> Dataset

○ ○ ○ ○

(* Let $V$ be a real vector space. Every maximal chain of vector subspaces of $V$ contains a unique basic subchain, and conversely every basic chain of vector subspaces of $V$ is contained in a unique maximal chain.
   Context: A chain of vector subspaces of $V$ is a set $F=\{F_a\}_{a\in A}$ of subspaces such that for $a\ne b$ one has a proper inclusion $F_a\subsetneq F_b$ or $F_b\subsetneq F_a$. A chain is maximal if it is not properly contained in another chain. A chain $F$ is basic if it is minimal (with respect to inclusion of chains) among chains with the following property: for every $x\in V$ there exist $F_a\subset F_b$ in $F$ with $\dim F_b/F_a=1$ and $x\in F_b\setminus F_a$. *)

From HB Require Import structures.
From mathcomp Require Import all_boot all_order all_algebra.
From mathcomp Require Import boolp classical_sets reals.
Set Implicit Arguments. Unset Strict Implicit. Unset Printing Implicit Defensive.
Import GRing.Theory.
Local Open Scope ring_scope.
Local Open Scope classical_set_scope.

Section Chains.
Variables (R : realType) (V : lmodType R).

Definition subspace (U : set V) : Prop :=
  U 0 /\ (forall x y, U x -> U y -> U (x + y)) /\
  (forall (a : R) x, U x -> U (a *: x)).

Definition chain (F : set (set V)) : Prop :=
  (forall U, F U -> subspace U) /\
  (forall U W, F U -> F W -> U <> W -> U `<` W \/ W `<` U).

Definition maximal_chain (F : set (set V)) : Prop :=
  chain F /\ (forall G, chain G -> F `<=` G -> G = F).

(* A ⊆ B and dim (B / A) = 1, written out: the quotient B/A is spanned by
   the class of some v in B \ A *)
Definition codim1 (A B : set V) : Prop :=
  A `<=` B /\ exists v, B v /\ ~ A v /\
    (forall y, B y -> exists a (c : R), A a /\ y = a + c *: v).

Definition separating (F : set (set V)) : Prop :=
  forall x : V, x <> 0 -> exists A B, F A /\ F B /\ A `<=` B /\
    codim1 A B /\ B x /\ ~ A x.

Definition basic_chain (F : set (set V)) : Prop :=
  chain F /\ separating F /\
  (forall G, chain G -> separating G -> G `<=` F -> G = F).

End Chains.

From HB Require Import structures.
From mathcomp Require Import all_boot all_order all_algebra.
From mathcomp Require Import boolp classical_sets reals.
Set Implicit Arguments. Unset Strict Implicit. Unset Printing Implicit Defensive.
Import GRing.Theory.
Local Open Scope ring_scope.
Local Open Scope classical_set_scope.

(* For a chain F and x <> 0 let F-(x) be the union of the members of F
   missing x and F+(x) the intersection of those containing x.  If A <= B
   are members of F with dim B/A = 1 and x in B \ A, then B = A + Rx, which
   forces A = F-(x) and B = F+(x); hence every separating subchain of F
   contains all these jumps.  In a maximal chain F-(x) and F+(x) are members
   and dim F+(x)/F-(x) = 1, so the jumps form the unique basic subchain.
   Conversely a basic chain G lies in a maximal chain by Zorn's lemma, and if
   F1, F2 are maximal chains containing G, the jumps of F1 lie in G, hence in
   F2, so F1 and F2 have the same F-(x); a vector x in U \ W with U in F1,
   W in F2 then gives W <= F-(x) <= U, so F1 U F2 is a chain and F1 = F2. *)

Section Chains.
Variables (R : realType) (V : lmodType R).
Implicit Types (U W A B : set V) (F G H : set (set V)) (x y : V).

Lemma subspace0 U : subspace U -> U 0.
Proof. by case. Qed.

Lemma subspaceD U x y : subspace U -> U x -> U y -> U (x + y).
Proof. by case=> _ [+ _]; apply. Qed.

Lemma subspaceZ U (a : R) x : subspace U -> U x -> U (a *: x).
Proof. by case=> _ [_]; apply. Qed.

Lemma subspaceB U x y : subspace U -> U x -> U y -> U (x - y).
Proof. by move=> sU Ux Uy; rewrite -scaleN1r; apply: subspaceD (subspaceZ _ _ _). Qed.

Definition add_line A x : set V := [set y | exists a (c : R), A a /\ y = a + c *: x].

Lemma add_line_subspace A x : subspace A -> subspace (add_line A x).
Proof.
move=> sA; split; first by exists 0, 0; rewrite scale0r addr0; split=> //; apply: subspace0.
split=> [_ _ [a [c [Aa ->]]] [b [d [Ab ->]]]|k _ [a [c [Aa ->]]]].
  exists (a + b), (c + d); split; first exact: subspaceD.
  by rewrite scalerDl addrACA.
exists (k *: a), (k * c); split; first exact: subspaceZ.
by rewrite scalerDr scalerA.
Qed.

Lemma add_line_l A x : A `<=` add_line A x.
Proof. by move=> a Aa; exists a, 0; rewrite scale0r addr0. Qed.

Lemma add_line_r A x : subspace A -> add_line A x x.
Proof. by move=> sA; exists 0, 1; rewrite scale1r add0r; split=> //; apply: subspace0. Qed.

Lemma add_line_sub A x U : subspace U -> A `<=` U -> U x -> add_line A x `<=` U.
Proof. by move=> sU AU Ux _ [a [c [Aa ->]]]; apply: subspaceD (AU _ Aa) (subspaceZ _ _ _). Qed.

Lemma codim1_add_line A B x : subspace A -> codim1 A B -> B x -> ~ A x ->
  B `<=` add_line A x.
Proof.
move=> sA [_ [v [_ [_ Bv]]]] Bx Ax _ /Bv[a [c [Aa ->]]].
have [a0 [c0 [Aa0 ex]]] := Bv x Bx.
have c0_neq0 : c0 != 0 by apply: contra_notN Ax => /eqP c00; rewrite ex c00 scale0r addr0.
exists (a - (c / c0) *: a0), (c / c0); split; first by apply: subspaceB => //; apply: subspaceZ.
by rewrite ex scalerDr scalerA mulfVK // addrA subrK.
Qed.

Lemma chainP F :
  chain F <-> (forall U, F U -> subspace U) /\ total_on F subset.
Proof.
split=> [[sF ltF]|[sF leF]].
  split=> // U W FU FW; have [->|UW] := pselect (U = W); first by left.
  by case: (ltF U W FU FW UW) => -[]; [left|right].
split=> // U W FU FW UW; case: (leF U W FU FW) => UsubW; [left|right]; split=> //.
  by move=> WU; apply: UW; apply/seteqP.
by move=> UW'; apply: UW; apply/seteqP.
Qed.

Lemma chain_subspace F U : chain F -> F U -> subspace U.
Proof. by case=> + _; apply. Qed.

Lemma chain_total F U W : chain F -> F U -> F W -> U `<=` W \/ W `<=` U.
Proof. by move=> /chainP[_]; apply. Qed.

Lemma sub_chain F G : chain F -> G `<=` F -> chain G.
Proof.
move=> /chainP[sF leF] GF; apply/chainP; split=> [U /GF/sF //|U W GU GW].
exact: leF (GF _ GU) (GF _ GW).
Qed.

Lemma chain_from_pairs F :
  (forall U W, F U -> F W -> exists2 H, chain H & H U /\ H W) -> chain F.
Proof.
move=> pairF; apply/chainP; split=> [U FU|U W FU FW].
  by have [H cH [HU _]] := pairF U U FU FU; apply: chain_subspace HU.
by have [H cH [HU HW]] := pairF U W FU FW; apply: chain_total HU HW.
Qed.

Lemma chainU F1 F2 : chain F1 -> chain F2 ->
  (forall U W, F1 U -> F2 W -> U `<=` W \/ W `<=` U) -> chain (F1 `|` F2).
Proof.
move=> cF1 cF2 le12; apply/chainP; split=> [U [/(chain_subspace cF1)|/(chain_subspace cF2)] //|].
move=> U W [F1U|F2U] [F1W|F2W]; first exact: chain_total cF1 F1U F1W.
- exact: le12.
- by case: (le12 _ _ F1W F2U); [right|left].
- exact: chain_total cF2 F2U F2W.
Qed.

Lemma maximal_chain_mem F W : maximal_chain F -> subspace W ->
  (forall U, F U -> U `<=` W \/ W `<=` U) -> F W.
Proof.
move=> [cF maxF] sW leW.
have cW : chain [set W] by apply/chainP; split=> [_ -> //|_ _ -> ->]; left.
suff <- : F `|` [set W] = F by right.
apply: maxF; last exact: subsetUl.
by apply: chainU => // U _ FU ->; apply: leW.
Qed.

Lemma chain_sub_maximal G : chain G -> exists2 F, maximal_chain F & G `<=` F.
Proof.
move=> cG.
have chain_bigcup (Fs : set (set (set V))) : Fs `<=` [set H | chain (H `|` G)] ->
    total_on Fs subset -> chain (\bigcup_(H in Fs) H `|` G).
  move=> FsG Fs_total; apply: chain_from_pairs => U W.
  move=> [[H1 FsH1 H1U]|GU] [[H2 FsH2 H2W]|GW]; last by exists G.
  - case: (Fs_total H1 H2 FsH1 FsH2) => [H12|H21].
      by exists (H2 `|` G); [exact: FsG|split; left; [exact: H12|]].
    by exists (H1 `|` G); [exact: FsG|split; left; [|exact: H21]].
  - by exists (H1 `|` G); [exact: FsG|split; [left|right]].
  - by exists (H2 `|` G); [exact: FsG|split; [right|left]].
(* The predicate is "H `|` G is a chain" rather than "H is a chain
   containing G" because Zorn_bigcup also requires it of the empty union. *)
have [A [cAG maxA]] := Zorn_bigcup chain_bigcup.
exists (A `|` G) => //; split=> // H cH AGH.
have GH : G `<=` H := subset_trans (@subsetUr _ A G) AGH.
apply/seteqP; split=> //; apply: contrapT => HAG; apply: (maxA H).
  split; first exact: subset_trans (@subsetUl _ A G) AGH.
  by move=> HA; apply: HAG => U /HA; left.
by rewrite /= setUidl.
Qed.

(* 0 is added so that lower_jump is a subspace even when no member misses x. *)
Definition lower_jump F x : set V :=
  [set 0] `|` \bigcup_(U in [set U | F U /\ ~ U x]) U.

Definition upper_jump F x : set V := \bigcap_(U in [set U | F U /\ U x]) U.

Definition jumps F : set (set V) :=
  [set U | exists2 x, x <> 0 & U = lower_jump F x \/ U = upper_jump F x].

Section Jumps.
Variables (F : set (set V)) (cF : chain F).

Lemma sub_lower_jump W x : F W -> ~ W x -> W `<=` lower_jump F x.
Proof. by move=> FW Wx y Wy; right; exists W. Qed.

Lemma lower_jump_sub W x : F W -> W x -> lower_jump F x `<=` W.
Proof.
move=> FW Wx y [->|[U [FU Ux] Uy]]; first exact: subspace0 (chain_subspace cF FW).
by case: (chain_total cF FU FW) => [/(_ _ Uy)//|WU]; case: Ux; apply: WU.
Qed.

Lemma sub_upper_jump W x : F W -> ~ W x -> W `<=` upper_jump F x.
Proof.
move=> FW Wx y Wy U [FU Ux].
by case: (chain_total cF FW FU) => [/(_ _ Wy)//|UW]; case: Wx; apply: UW.
Qed.

Lemma upper_jump_sub W x : F W -> W x -> upper_jump F x `<=` W.
Proof. by move=> FW Wx y; apply. Qed.

Lemma upper_jump_x x : upper_jump F x x.
Proof. by move=> U []. Qed.

Lemma lower_jump_x x : x <> 0 -> ~ lower_jump F x x.
Proof. by move=> x0 [//|[U [_ Ux]]]. Qed.

Lemma lower_upper_jump x : lower_jump F x `<=` upper_jump F x.
Proof. by move=> y Ly U [FU Ux]; apply: lower_jump_sub Ly. Qed.

Lemma lower_jump_subspace x : subspace (lower_jump F x).
Proof.
have sF := chain_subspace cF.
split; first by left.
split=> [y z [->|[U [FU Ux] Uy]] [->|[W [FW Wx] Wz]]|a y [->|[U [FU Ux] Uy]]].
- by left; rewrite addr0.
- by right; exists W; rewrite ?add0r.
- by right; exists U; rewrite ?addr0.
- case: (chain_total cF FU FW) => [UW|WU]; right.
    by exists W => //; apply: subspaceD (sF _ FW) (UW _ Uy) Wz.
  by exists U => //; apply: subspaceD (sF _ FU) Uy (WU _ Wz).
- by left; rewrite scaler0.
- by right; exists U => //; apply: subspaceZ (sF _ FU) Uy.
Qed.

Lemma upper_jump_subspace x : subspace (upper_jump F x).
Proof.
have sF := chain_subspace cF.
split; first by move=> U [FU _]; apply: subspace0 (sF _ FU).
split=> [y z Uy Uz U FUx|a y Uy U FUx]; have sU := sF _ FUx.1.
  by apply: subspaceD sU (Uy _ FUx) (Uz _ FUx).
by apply: subspaceZ sU (Uy _ FUx).
Qed.

Lemma codim1_jumpE A B x : F A -> F B -> codim1 A B -> B x -> ~ A x ->
  A = lower_jump F x /\ B = upper_jump F x.
Proof.
move=> FA FB AB Bx Ax.
have sA := chain_subspace cF FA.
have x_neq0 : x <> 0 by move=> x0; apply: Ax; rewrite x0; apply: subspace0.
have B_line := codim1_add_line sA AB Bx Ax.
have AL := sub_lower_jump FA Ax.
split; apply/seteqP; split=> //; last exact: upper_jump_sub.
- move=> y Ly; have [a [c [Aa ey]]] := B_line y (lower_jump_sub FB Bx Ly).
  have [c0|c_neq0] := eqVneq c 0; first by rewrite ey c0 scale0r addr0.
  have sL := lower_jump_subspace x.
  have ex : x = c^-1 *: (y - a).
    by rewrite ey addrAC subrr add0r scalerA mulVf // scale1r.
  exfalso; apply: (lower_jump_x x_neq0); rewrite {2}ex.
  by apply: (subspaceZ _ sL); apply: (subspaceB sL Ly); apply: AL.
- apply: subset_trans B_line _.
  exact: add_line_sub (upper_jump_subspace x) (sub_upper_jump FA Ax) (upper_jump_x (x := x)).
Qed.

Lemma jumps_least G : G `<=` F -> separating G -> jumps F `<=` G.
Proof.
move=> GF sepG U [x x0 eU].
have [A [B [GA [GB [_ [AB [Bx Ax]]]]]]] := sepG x x0.
have [eA eB] := codim1_jumpE (GF _ GA) (GF _ GB) AB Bx Ax.
by case: eU => ->; rewrite -?eA -?eB.
Qed.

End Jumps.

Section MaximalChain.
Variables (F : set (set V)) (mF : maximal_chain F).
Let cF : chain F := mF.1.

Lemma lower_jump_mem x : F (lower_jump F x).
Proof.
apply: maximal_chain_mem mF (lower_jump_subspace cF x) _ => U FU.
by have [Ux|Ux] := pselect (U x); [right; apply: lower_jump_sub|left; apply: sub_lower_jump].
Qed.

Lemma upper_jump_mem x : F (upper_jump F x).
Proof.
apply: maximal_chain_mem mF (upper_jump_subspace cF x) _ => U FU.
by have [Ux|Ux] := pselect (U x); [right; apply: upper_jump_sub|left; apply: sub_upper_jump].
Qed.

Lemma codim1_jump x : x <> 0 -> codim1 (lower_jump F x) (upper_jump F x).
Proof.
move=> x0; split; first exact: lower_upper_jump.
exists x; split; first exact: upper_jump_x.
split; first exact: lower_jump_x.
have sL := lower_jump_subspace cF x.
have F_line : F (add_line (lower_jump F x) x).
  apply: maximal_chain_mem mF (add_line_subspace x sL) _ => U FU.
  have [Ux|Ux] := pselect (U x).
    by right; apply: add_line_sub (chain_subspace cF FU) (lower_jump_sub cF FU Ux) Ux.
  by left; apply: subset_trans (sub_lower_jump FU Ux) (@add_line_l _ _).
by move=> y /(upper_jump_sub F_line (add_line_r x sL)).
Qed.

Lemma jumps_sub : jumps F `<=` F.
Proof. by move=> _ [x _ [->|->]]; [apply: lower_jump_mem|apply: upper_jump_mem]. Qed.

Lemma jumps_separating : separating (jumps F).
Proof.
move=> x x0; exists (lower_jump F x), (upper_jump F x).
do 2![split; first by exists x; [|by [left|right]]].
split; first exact: lower_upper_jump.
split; first exact: codim1_jump.
by split; [apply: upper_jump_x|apply: lower_jump_x].
Qed.

Lemma basic_jumps : basic_chain (jumps F).
Proof.
split; first exact: sub_chain cF jumps_sub.
split=> [|G cG sepG GJ]; first exact: jumps_separating.
apply/seteqP; split=> //; apply: (jumps_least cF) => //.
exact: subset_trans GJ jumps_sub.
Qed.

Lemma basic_subchainE G : G `<=` F -> basic_chain G -> G = jumps F.
Proof.
move=> GF [cG [sepG minG]]; apply/esym/minG; last exact: jumps_least.
  exact: sub_chain cF jumps_sub.
exact: jumps_separating.
Qed.

End MaximalChain.

Lemma lower_jump_eq F1 F2 x : maximal_chain F1 -> chain F2 ->
  jumps F1 `<=` F2 -> x <> 0 -> lower_jump F2 x = lower_jump F1 x.
Proof.
move=> mF1 cF2 JF2 x0.
have F2L : F2 (lower_jump F1 x) by apply: JF2; exists x => //; left.
have F2U : F2 (upper_jump F1 x) by apply: JF2; exists x => //; right.
by have [<- _] := codim1_jumpE cF2 F2L F2U (codim1_jump mF1 x0)
  (upper_jump_x (x := x)) (lower_jump_x x0).
Qed.

Lemma maximal_chains_eq F1 F2 G : maximal_chain F1 -> maximal_chain F2 ->
  separating G -> G `<=` F1 -> G `<=` F2 -> F1 = F2.
Proof.
move=> mF1 mF2 sepG GF1 GF2.
have JF2 : jumps F1 `<=` F2 := subset_trans (jumps_least mF1.1 GF1 sepG) GF2.
have le12 U W : F1 U -> F2 W -> U `<=` W \/ W `<=` U.
  move=> F1U F2W; apply: contrapT => /not_orP[/nonsubset[x [Ux Wx]] /nonsubset[y [Wy Uy]]].
  have x0 : x <> 0 by move=> x0; apply: Wx; rewrite x0; apply: subspace0 (chain_subspace mF2.1 F2W).
  apply: Uy; apply: (lower_jump_sub mF1.1 F1U Ux).
  by rewrite -(lower_jump_eq mF1 mF2.1 JF2 x0); apply: (sub_lower_jump F2W Wx).
have F12 : F1 `|` F2 = F1 := mF1.2 _ (chainU mF1.1 mF2.1 le12) (@subsetUl _ _ _).
by apply: mF2.2 mF1.1 _; rewrite -F12; apply: subsetUr.
Qed.

End Chains.

Theorem lemma4 (R : realType) (V : lmodType R) :
  (forall F : set (set V), maximal_chain F ->
     exists! G : set (set V), G `<=` F /\ basic_chain G) /\
  (forall G : set (set V), basic_chain G ->
     exists! F : set (set V), maximal_chain F /\ G `<=` F).
Proof.
split=> [F mF|G [cG [sepG _]]].
  exists (jumps F); split; first by split; [apply: jumps_sub|apply: basic_jumps].
  by move=> G [GF bG]; rewrite (basic_subchainE mF GF bG).
have [F mF GF] := chain_sub_maximal cG.
by exists F; split=> // F' [mF' GF']; apply: maximal_chains_eq mF mF' sepG GF GF'.
Qed.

○ ○ ○ ○

> Work item
Return only those lines of the records that contain the string "seteqP".

> Problem solution
  by move=> WU; apply: UW; apply/seteqP.
by move=> UW'; apply: UW; apply/seteqP.
apply/seteqP; split=> //; apply: contrapT => HAG; apply: (maxA H).
split; apply/seteqP; split=> //; last exact: upper_jump_sub.
apply/seteqP; split=> //; apply: (jumps_least cF) => //.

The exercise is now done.